Properties of materials greatly differ in nanoparticle form compared to their bulk counterpart. Strain mechanism, elastic properties and cation distribution play a major role as particle size decreased to nanoscale level and therefore it is necessary to evaluate these properties precisely through reliable methodology. In the present work, a detailed investigation has been carried out on nanocrystalline particles of Mg–Mn co-substituted CdFe₂O₄ to estimate intrinsic strain through Williamson-Hall (W–H) analysis. The results were compared with those obtained from Scherrer equation and Rietveld refinement. Bertuat method was used to estimate the cation distribution of spinel ferrite. Elastic properties such as, stiffness constant, Young's modulus, bulk modulus, rigidity modulus, Poisson's ratio and Debye temperature were studied by using the band positions of tetrahedral – A and octahedral – B sites observed through infrared spectra. The obtained results were discussed in the light of strain mechanism, elastic constants and substitution of Mg–Mn ions in the CdFe₂O₄.

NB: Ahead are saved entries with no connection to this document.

(* Let $M$ be a finite rectangular monoid, $k$ a field which is a splitting field for the maximal subgroups of $M$, $X,Y\in\Lambda(M)$ with $X<Y$, and $e_X<e_Y$ chosen idempotent generators of $X,Y$. Let $A$ be a $k[G_Y\times G_X^{op}]$-module regarded as an $M$-bimodule via $m\cdot a\cdot m'=\rho_Y(m)a\rho_X(m')$. Then $H^1(M,A)\cong\mathrm{Hom}_{k[G_Y\times G_X^{op}]}(V_{X,Y},A)$.
   Context: $E(M)$ idempotents, $m^\omega$ idempotent power; $e<f$ means $ef=e=fe\neq f$. $M$ rectangular: each $\{f\in E(M):MfM=MeM\}$ closed under multiplication. $\Lambda(M)$: ideals $MeM$ ordered by inclusion; $\sigma(m)=Mm^\omega M$; $\sigma(m)\ge X$ iff $X\subseteq\sigma(m)$; $\nabla X=\{m:X\not\subseteq MmM\}$; $\nabla Y\nabla X=\{ab:a\in\nabla Y,b\in\nabla X\}$. $G_X$ = group of units of $e_XMe_X$; $\rho_X(m)=e_Xme_X$ if $\sigma(m)\ge X$, else $0$. Let $\sim$ be the least equivalence relation on $e_YMe_X$ with: $e_Ymne_X\sim e_Yme_Yne_X$ for all $m,n\in M$; $e_Ymne_X\sim e_Yme_Xne_X$ for all $n$ whenever $\sigma(m)\not\ge Y$; $z\sim z'$ for all $z,z'\in\nabla Y\nabla X\cap e_YMe_X$. $W_{X,Y}=k[e_YMe_X]/Z_{X,Y}$, $Z_{X,Y}$ spanned by $\nabla Y\nabla X\cap e_YMe_X$ and differences of $\sim$-related elements; $W_{X,Y}$ is a $G_Y\times G_X^{op}$-module by left/right multiplication, and $a\mapsto\rho_X(a)$ induces a well-defined surjective module map $W_{X,Y}\to kG_X$ (with $G_Y$ acting on $kG_X$ through $\rho_X$). $V_{X,Y}$ is its kernel. $H^1(M,A)$: derivations modulo inner derivations $m\mapsto ma-am$. *)

From HB Require Import structures.
From mathcomp Require Import all_boot all_order all_algebra.
Set Implicit Arguments. Unset Strict Implicit. Unset Printing Implicit Defensive.
Import Order.TTheory GRing.Theory Num.Theory.
Local Open Scope ring_scope.

Record finMonoid := FinMonoid {
  mcar :> finType;
  mmul : mcar -> mcar -> mcar;
  mone : mcar;
  mmulA : associative mmul;
  mmul1m : left_id mone mmul;
  mmulm1 : right_id mone mmul }.
Arguments mmul {_}.
Arguments mone {_}.

Section Monoid.
Variable M : finMonoid.
Local Notation "x ** y" := (mmul x y) (at level 40, left associativity).

Definition idem (e : M) : bool := e ** e == e.
Definition idem_lt (e f : M) : bool := [&& e ** f == e, f ** e == e & e != f].

Definition mpow (m : M) (n : nat) : M := iter n (mmul m) mone.
Definition omega (m : M) : M :=
  odflt mone [pick x | idem x && [exists n : 'I_#|M|.+1, (0 < (n : nat))%N && (x == mpow m n)]].

Definition ideal (m : M) : {set M} := [set a ** m ** b | a : M, b : M].

Definition rectangular : Prop :=
  forall e, idem e -> forall f f', idem f -> idem f' ->
    ideal f = ideal e -> ideal f' = ideal e ->
    idem (f ** f') && (ideal (f ** f') == ideal e).

(* sigma(m) = M m^omega M ;  sigma(m) >= X  iff  X \subset sigma(m) *)
Definition sigma (m : M) : {set M} := ideal (omega m).

Definition nabla (X : {set M}) : {set M} := [set m | ~~ (X \subset ideal m)].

与它们的本体相比，材料的性质在纳米颗粒形式上有很大不同。随着粒径减小至纳米级，应变机制，弹性性质和阳离子分布起主要作用，因此有必要通过可靠的方法精确评估这些性质。在目前的工作中，已经对Mg-Mn共取代的CdFe ₂ O _4的纳米晶体颗粒进行了详细的研究。通过Williamson-Hall（W–H）分析来估计固有应变。将结果与从Scherrer方程和Rietveld精炼获得的结果进行比较。用Bertuat方法估算尖晶石铁素体的阳离子分布。通过使用红外光谱观察到的四面体– A和八面体– B位的能带位置，研究了诸如刚度常数，杨氏模量，体积模量，刚度模量，泊松比和德拜温度等弹性性能。根据应变机理，弹性常数和CdFe ₂ O ₄中Mg-Mn离子的取代对所得结果进行了讨论。